Preliminary benchmarking shows no improvement in the passages/s with batch > 1 over doing batch size 1, maybe even less which is similar results as in the above comment.
Thanks @jobergum. I'm amazed by your fast support. Do I understand correctly that batching has little effect in your experiment? If this is the case, there has to be something wrong. Reranking in Vespa is considerably slower than done with the sentence-transformers library.
Are you sure you pass the full batch to the model at once?
cross_model = '<MODEL>'
from transformers import AutoTokenizer, AutoModelForSequenceClassification
import torch
model = AutoModelForSequenceClassification.from_pretrained(cross_model)
tokenizer = AutoTokenizer.from_pretrained(cross_model)
model.eval()
query = "How many citizens has Berlin?"
docs = ["Berlin has a population of 3.5 million in 2016, up slightly from 3.4 million in 2014", ...]
features = tokenizer([query for doc in docs], docs, padding=True, truncation=True, return_tensors="pt", max_length=128)
with torch.no_grad():
scores = model(**features).logits
print(scores)
@bmw-friedrich-mayr,
Yes. I've compared batch size = 24 with different number of intra threads (1,2,4,8,12,24) with batch size 1 with external threads (12) for the same sequence length. By external threads I mean how we evaluate ONNX models in the stateful content nodes where we use multiple threads to run inference but with intra threads set to 1.
See https://github.com/vespa-engine/vespa/issues/18882#issuecomment-916764298, also this blog post report similar results.
To get higher number of inferences per second when increasing batch size from 1 to 4 the latency of batch size 4 needs to be less than 4x the latency of batch size 1, if that is the case you get higher number of inferences per second using batching.

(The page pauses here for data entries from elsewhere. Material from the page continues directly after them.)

(* Let $p$ be a prime number and let $x,y,z\in\mathbb{N}$ with $x\le y\le z$ satisfy $\frac{4}{p}=\frac{1}{x}+\frac{1}{y}+\frac{1}{z}$. Let $d=\gcd(x,y,z)$, $a=\gcd(x,y)/d$, $b=\gcd(x,z)/d$, $c=\gcd(y,z)/d$, and let $x^{\circ},y^{\circ},z^{\circ}$ be the positive integers with $x=x^{\circ}abd$, $y=y^{\circ}acd$, $z=z^{\circ}bcd$. (i) If the solution is of Type I, i.e. $\gcd(x,p)=1$, $\gcd(y,p)=1$ and $\gcd(z,p)=p$, then $x^{\circ}=y^{\circ}=1$ and $z^{\circ}=p$. (ii) If the solution is of Type II, i.e. $\gcd(x,p)=1$, $\gcd(y,p)=p$ and $\gcd(z,p)=p$, then $x^{\circ}=y^{\circ}=z^{\circ}=1$.
   Context: $\mathbb{N}$ denotes the positive integers. The quantities $x^{\circ},y^{\circ},z^{\circ}$ are well-defined positive integers since $abd\mid x$, $acd\mid y$, $bcd\mid z$ ($a,b,c$ are pairwise coprime). *)

From mathcomp Require Import all_boot.
Set Implicit Arguments. Unset Strict Implicit. Unset Printing Implicit Defensive.

(* 4/p = 1/x + 1/y + 1/z, cleared of denominators (all quantities positive). *)
Definition ES_eq (p x y z : nat) : Prop :=
  4 * (x * y * z) = p * (y * z + x * z + x * y).

Definition gcd3 (x y z : nat) : nat := gcdn (gcdn x y) z.
Definition ga (x y z : nat) : nat := gcdn x y %/ gcd3 x y z.
Definition gb (x y z : nat) : nat := gcdn x z %/ gcd3 x y z.
Definition gc (x y z : nat) : nat := gcdn y z %/ gcd3 x y z.
Definition xo (x y z : nat) : nat := x %/ (ga x y z * gb x y z * gcd3 x y z).
Definition yo (x y z : nat) : nat := y %/ (ga x y z * gc x y z * gcd3 x y z).
Definition zo (x y z : nat) : nat := z %/ (gb x y z * gc x y z * gcd3 x y z).

From mathcomp Require Import all_boot ring.

(* Write u, v, w for x°, y°, z°, so x = u a b d, y = v a c d, z = w b c d.
   Since gcd(x, y) = a d, gcd(x, z) = b d and gcd(y, z) = c d, the pairs
   (b u, c v), (a u, c w) and (a v, b w) are coprime, and dividing the equation
   by a b c d^2 leaves 4 d a b c u v w = p (c v w + b u w + a u v).  Hence u
   divides p (c v w) while being coprime to c v w, so u | p; likewise v | p and
   w | p.  Divisors of x or y cannot be divisible by p in Type I, which forces
   u = v = 1 and, as p | z, w = p.  In Type II, u = 1 and p | c (otherwise p
   would divide both v and w); v and w are not both p, and if exactly one of
   them is p, cancelling it in the equation shows that p divides a or b, a
   divisor of x. *)

Lemma coprime_of_gcdn_mul {m n k} : 0 < k -> gcdn (m * k) (n * k) = k -> coprime m n.
Proof.
by move=> k_gt0 gE; rewrite /coprime -(eqn_pmul2r k_gt0) muln_gcdl gE mul1n.
Qed.

Lemma dvdn_mul_common m n k x :
  coprime m n -> m * k %| x -> n * k %| x -> m * n * k %| x.
Proof.
move=> cmn mk nk; have <- : lcmn m n * k = m * n * k.
  by rewrite -(muln_lcm_gcd m n) (eqP cmn) muln1.
by rewrite muln_lcml dvdn_lcm mk nk.
Qed.

Lemma gcdn_gcdn_pair x y z : gcdn (gcdn x y) (gcdn x z) = gcd3 x y z.
Proof. by rewrite gcdnACA gcdnn gcdnA. Qed.

Section GcdDecomposition.

Context (x y z : nat).
Hypotheses (x_gt0 : 0 < x) (y_gt0 : 0 < y).

Local Notation d := (gcd3 x y z).
Local Notation a := (ga x y z).
Local Notation b := (gb x y z).
Local Notation c := (gc x y z).

Lemma gcd3_mul_pairs :
  [/\ a * d = gcdn x y, b * d = gcdn x z & c * d = gcdn y z].
Proof.
have dxy : d %| gcdn x y by exact: dvdn_gcdl.
have dxz : d %| gcdn x z by rewrite /gcd3 gcdnAC dvdn_gcdl.
have dyz : d %| gcdn y z by rewrite /gcd3 -gcdnA dvdn_gcdr.
by rewrite /ga /gb /gc !divnK.
Qed.

Lemma gcd3_gt0 : 0 < d.
Proof. by rewrite !gcdn_gt0 x_gt0. Qed.

Lemma ga_gb_gc_gcd3_gt0 : 0 < a * b * c * d.
Proof.
have [aE bE cE] := gcd3_mul_pairs.
have : 0 < a * d * (b * d) * (c * d).
  by rewrite aE bE cE !muln_gt0 !gcdn_gt0 x_gt0 y_gt0.
by rewrite !muln_gt0 => /andP [/andP [/andP [-> _] /andP [-> _]] /andP [-> ->]].
Qed.

Lemma coprime_ga_gb_gc : [/\ coprime a b, coprime a c & coprime b c].
Proof.
have [aE bE cE] := gcd3_mul_pairs.
split; apply: (coprime_of_gcdn_mul gcd3_gt0); rewrite ?aE ?bE ?cE.
- exact: gcdn_gcdn_pair.
- by rewrite gcdnC (gcdnC x) gcdn_gcdn_pair /gcd3 gcdnC gcdnA.
- by rewrite (gcdnC x) (gcdnC y) gcdn_gcdn_pair /gcd3 -gcdnA gcdnC.
Qed.

Lemma xo_yo_zoE :
  [/\ xo x y z * (a * b * d) = x, yo x y z * (a * c * d) = y
    & zo x y z * (b * c * d) = z].
Proof.
have [aE bE cE] := gcd3_mul_pairs; have [cab cac cbc] := coprime_ga_gb_gc.
rewrite /xo /yo /zo !divnK //; apply: dvdn_mul_common => //;
  by rewrite ?aE ?bE ?cE ?dvdn_gcdl ?dvdn_gcdr.
Qed.

Lemma coprime_xo_yo_zo :
  [/\ coprime (b * xo x y z) (c * yo x y z), coprime (a * xo x y z) (c * zo x y z)
    & coprime (a * yo x y z) (b * zo x y z)].
Proof.
have [aE bE cE] := gcd3_mul_pairs; have [xE yE zE] := xo_yo_zoE.
have ad_gt0 : 0 < a * d by rewrite aE gcdn_gt0 x_gt0.
have bd_gt0 : 0 < b * d by rewrite bE gcdn_gt0 x_gt0.
have cd_gt0 : 0 < c * d by rewrite cE gcdn_gt0 y_gt0.
split.
- apply: (coprime_of_gcdn_mul ad_gt0).
  have -> : b * xo x y z * (a * d) = x by rewrite -[RHS]xE; ring.
  have -> : c * yo x y z * (a * d) = y by rewrite -[RHS]yE; ring.
  by rewrite aE.
- apply: (coprime_of_gcdn_mul bd_gt0).
  have -> : a * xo x y z * (b * d) = x by rewrite -[RHS]xE; ring.
  have -> : c * zo x y z * (b * d) = z by rewrite -[RHS]zE; ring.
  by rewrite bE.
- apply: (coprime_of_gcdn_mul cd_gt0).
  have -> : a * yo x y z * (c * d) = y by rewrite -[RHS]yE; ring.
  have -> : b * zo x y z * (c * d) = z by rewrite -[RHS]zE; ring.
  by rewrite cE.
Qed.

End GcdDecomposition.

Lemma ES_eq_reduced {p a b c d u v w x y z} : 0 < a * b * c * d ->
  u * (a * b * d) = x -> v * (a * c * d) = y -> w * (b * c * d) = z ->
  ES_eq p x y z ->
  4 * d * a * b * c * (u * v * w) = p * (c * v * w + b * u * w + a * u * v).
Proof.
rewrite /ES_eq => abcd_gt0 <- <- <- E.
have /andP [_ d_gt0] : (0 < a * b * c) && (0 < d) by rewrite -muln_gt0.
have k_gt0 : 0 < a * b * c * d * d by rewrite muln_gt0 abcd_gt0.
apply/eqP; rewrite -(eqn_pmul2l k_gt0); apply/eqP.
transitivity (4 * (u * (a * b * d) * (v * (a * c * d)) * (w * (b * c * d)))).
  by ring.
by rewrite E; ring.
Qed.

Lemma dvdn_of_mul_eq p u t s k : u * k = p * t + u * s -> coprime u t -> u %| p.
Proof.
move=> E cut; rewrite -(Gauss_dvdl p cut) -(dvdn_addl _ (dvdn_mulr s (dvdnn u))) -E.
exact: dvdn_mulr.
Qed.

Lemma coprime_dvdn_eq1 {t n p} : t %| n -> coprime n p -> t %| p -> t = 1.
Proof. by move=> tn cnp tp; apply/eqP; rewrite -dvdn1 -(eqP cnp) dvdn_gcd tn tp. Qed.

Lemma prime_ndvd_of_coprime {p t n} : prime p -> t %| n -> coprime n p -> ~~ (p %| t).
Proof. by move=> p_pr tn cnp; rewrite -prime_coprime // coprime_sym (coprime_dvdl tn). Qed.

Section ReducedSolution.

Context {p a b c d u v w : nat}.
Hypothesis p_prime : prime p.
Hypothesis reduced :
  4 * d * a * b * c * (u * v * w) = p * (c * v * w + b * u * w + a * u * v).
Hypotheses (cop_uv : coprime (b * u) (c * v)) (cop_uw : coprime (a * u) (c * w))
  (cop_vw : coprime (a * v) (b * w)).

Lemma u_dvd_p : u %| p.
Proof.
apply: (@dvdn_of_mul_eq _ _ (c * v * w) (p * (b * w + a * v)) (4 * d * a * b * c * (v * w))).
  by transitivity (4 * d * a * b * c * (u * v * w)); [ring | rewrite reduced; ring].
move: cop_uv cop_uw; rewrite !coprimeMl !coprimeMr.
by case/andP=> _ /andP [-> ->] /andP [_ /andP [_ ->]].
Qed.

Lemma v_dvd_p : v %| p.
Proof.
apply: (@dvdn_of_mul_eq _ _ (b * u * w) (p * (c * w + a * u)) (4 * d * a * b * c * (u * w))).
  by transitivity (4 * d * a * b * c * (u * v * w)); [ring | rewrite reduced; ring].
rewrite !coprimeMr (coprime_sym v u).
move: cop_uv cop_vw; rewrite !coprimeMl !coprimeMr.
by case/andP=> _ /andP [_ ->] /andP [_ /andP [-> ->]].
Qed.

Lemma w_dvd_p : w %| p.
Proof.
apply: (@dvdn_of_mul_eq _ _ (a * u * v) (p * (c * v + b * u)) (4 * d * a * b * c * (u * v))).
  by transitivity (4 * d * a * b * c * (u * v * w)); [ring | rewrite reduced; ring].
rewrite !coprimeMr ![coprime w _]coprime_sym.
move: cop_uw cop_vw; rewrite !coprimeMl !coprimeMr.
by case/andP=> /andP [_ ->] /andP [_ ->] /andP [_ /andP [_ ->]].
Qed.

Lemma prime_ndvd_abd : coprime (u * (a * b * d)) p ->
  [/\ ~~ (p %| a), ~~ (p %| b) & ~~ (p %| d)].
Proof.
move=> cxp; split; apply: (prime_ndvd_of_coprime p_prime _ cxp); apply/dvdnP.
- by exists (u * b * d); ring.
- by exists (u * a * d); ring.
- by exists (u * a * b); ring.
Qed.

Lemma typeI_reduced :
  coprime (u * (a * b * d)) p -> coprime (v * (a * c * d)) p -> p %| w * (b * c * d) ->
  [/\ u = 1, v = 1 & w = p].
Proof.
move=> cxp cyp pz; have [_ nb nd] := prime_ndvd_abd cxp.
have nc : ~~ (p %| c).
  by apply: (prime_ndvd_of_coprime p_prime _ cyp); apply/dvdnP; exists (v * a * d); ring.
split.
- exact: coprime_dvdn_eq1 (dvdn_mulr _ (dvdnn u)) cxp u_dvd_p.
- exact: coprime_dvdn_eq1 (dvdn_mulr _ (dvdnn v)) cyp v_dvd_p.
- move: pz; rewrite !Euclid_dvdM // (negbTE nb) (negbTE nc) (negbTE nd) !orbF => pw.
  by apply/eqP; rewrite eqn_dvd w_dvd_p pw.
Qed.

Lemma coprime_v_w : coprime v w.
Proof. by move: cop_vw; rewrite coprimeMl !coprimeMr => /andP [_ /andP [_ ->]]. Qed.

Lemma typeII_p_dvd_c :
  coprime (u * (a * b * d)) p -> p %| v * (a * c * d) -> p %| w * (b * c * d) -> p %| c.
Proof.
move=> cxp py pz; have [na nb nd] := prime_ndvd_abd cxp.
apply: contraT => nc.
move: py pz; rewrite !Euclid_dvdM // (negbTE na) (negbTE nb) (negbTE nc) (negbTE nd) !orbF.
move=> pv pw; move: (coprime_dvdl pv coprime_v_w).
by rewrite prime_coprime // pw.
Qed.

Lemma typeII_reduced :
  coprime (u * (a * b * d)) p -> p %| v * (a * c * d) -> p %| w * (b * c * d) ->
  [/\ u = 1, v = 1 & w = 1].
Proof.
move=> cxp py pz; have [na nb _] := prime_ndvd_abd cxp.
have pc := typeII_p_dvd_c cxp py pz.
have u1 : u = 1 := coprime_dvdn_eq1 (dvdn_mulr _ (dvdnn u)) cxp u_dvd_p.
have p_dvdn_cofactor n : 4 * d * a * b * c * p = p * n -> p %| n.
  rewrite mulnC => /eqP; rewrite eqn_pmul2l ?prime_gt0 // => /eqP <-.
  exact: dvdn_mull.
have /primeP [_ dvd_p] := p_prime.
have /orP [/eqP v1 | /eqP vp] := dvd_p v v_dvd_p;
  have /orP [/eqP w1 | /eqP wp] := dvd_p w w_dvd_p.
- by split.
- have : p %| p * (c + b) + a.
    apply: p_dvdn_cofactor; transitivity (4 * d * a * b * c * (u * v * w)).
      by rewrite u1 v1 wp; ring.
    by rewrite reduced u1 v1 wp; ring.
  by rewrite dvdn_addr ?dvdn_mulr // (negbTE na).
- have : p %| p * (c + a) + b.
    apply: p_dvdn_cofactor; transitivity (4 * d * a * b * c * (u * v * w)).
      by rewrite u1 vp w1; ring.
    by rewrite reduced u1 vp w1; ring.
  by rewrite dvdn_addr ?dvdn_mulr // (negbTE nb).
- by move: coprime_v_w; rewrite vp wp prime_coprime // dvdnn.
Qed.

End ReducedSolution.

Theorem lemma5 (p x y z : nat) :
  prime p -> 0 < x -> x <= y -> y <= z -> ES_eq p x y z ->
  ((gcdn x p = 1 /\ gcdn y p = 1 /\ gcdn z p = p) ->
     xo x y z = 1 /\ yo x y z = 1 /\ zo x y z = p) /\
  ((gcdn x p = 1 /\ gcdn y p = p /\ gcdn z p = p) ->
     xo x y z = 1 /\ yo x y z = 1 /\ zo x y z = 1).
Proof.
move=> p_prime x_gt0 le_xy _ E.
have y_gt0 : 0 < y := leq_trans x_gt0 le_xy.
have [xE yE zE] := xo_yo_zoE x y z x_gt0.
have [cop_uv cop_uw cop_vw] := coprime_xo_yo_zo x y z x_gt0 y_gt0.
have reduced := ES_eq_reduced (ga_gb_gc_gcd3_gt0 x y z x_gt0 y_gt0) xE yE zE E.
split=> [[/eqP cxp [/eqP cyp /gcdn_idPr pz]] | [/eqP cxp [/gcdn_idPr py /gcdn_idPr pz]]].
- rewrite -xE in cxp; rewrite -yE in cyp; rewrite -zE in pz.
  by have [-> -> ->] := typeI_reduced p_prime reduced cop_uv cop_uw cop_vw cxp cyp pz.
- rewrite -xE in cxp; rewrite -yE in py; rewrite -zE in pz.
  by have [-> -> ->] := typeII_reduced p_prime reduced cop_uv cop_uw cop_vw cxp py pz.
Qed.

Sequence length 128, Batch = 1, ONNX Runtime CPU 189.56 ms Sequence length 128, Batch = 4, ONNX Runtime CPU 674.05
= 3.55x
Sequence length 256, Batch = 1, ONNX Runtime CPU 360.91 ms Sequence length 256, Batch = 4, ONNX Runtime CPU 1485.55 ms
= 4.1x
Sequence length 128, Batch = 1, ONNX Runtime GPU/FP32 4.30 ms Sequence length 128, Batch = 4, ONNX Runtime GPU/FP32 11.28 ms
= 2.6x
Sequence length 256, Batch = 1, ONNX Runtime GPU/FP32 7.37ms Sequence length 256, Batch = 4, ONNX Runtime GPU/FP32 20.34
= 2.75x
In the case with GPU, you get a much higher inferences per second as compared to CPU with batching, while with CPU you don't have the same effect, with sequence length 256 you get less and with 128, slightly more.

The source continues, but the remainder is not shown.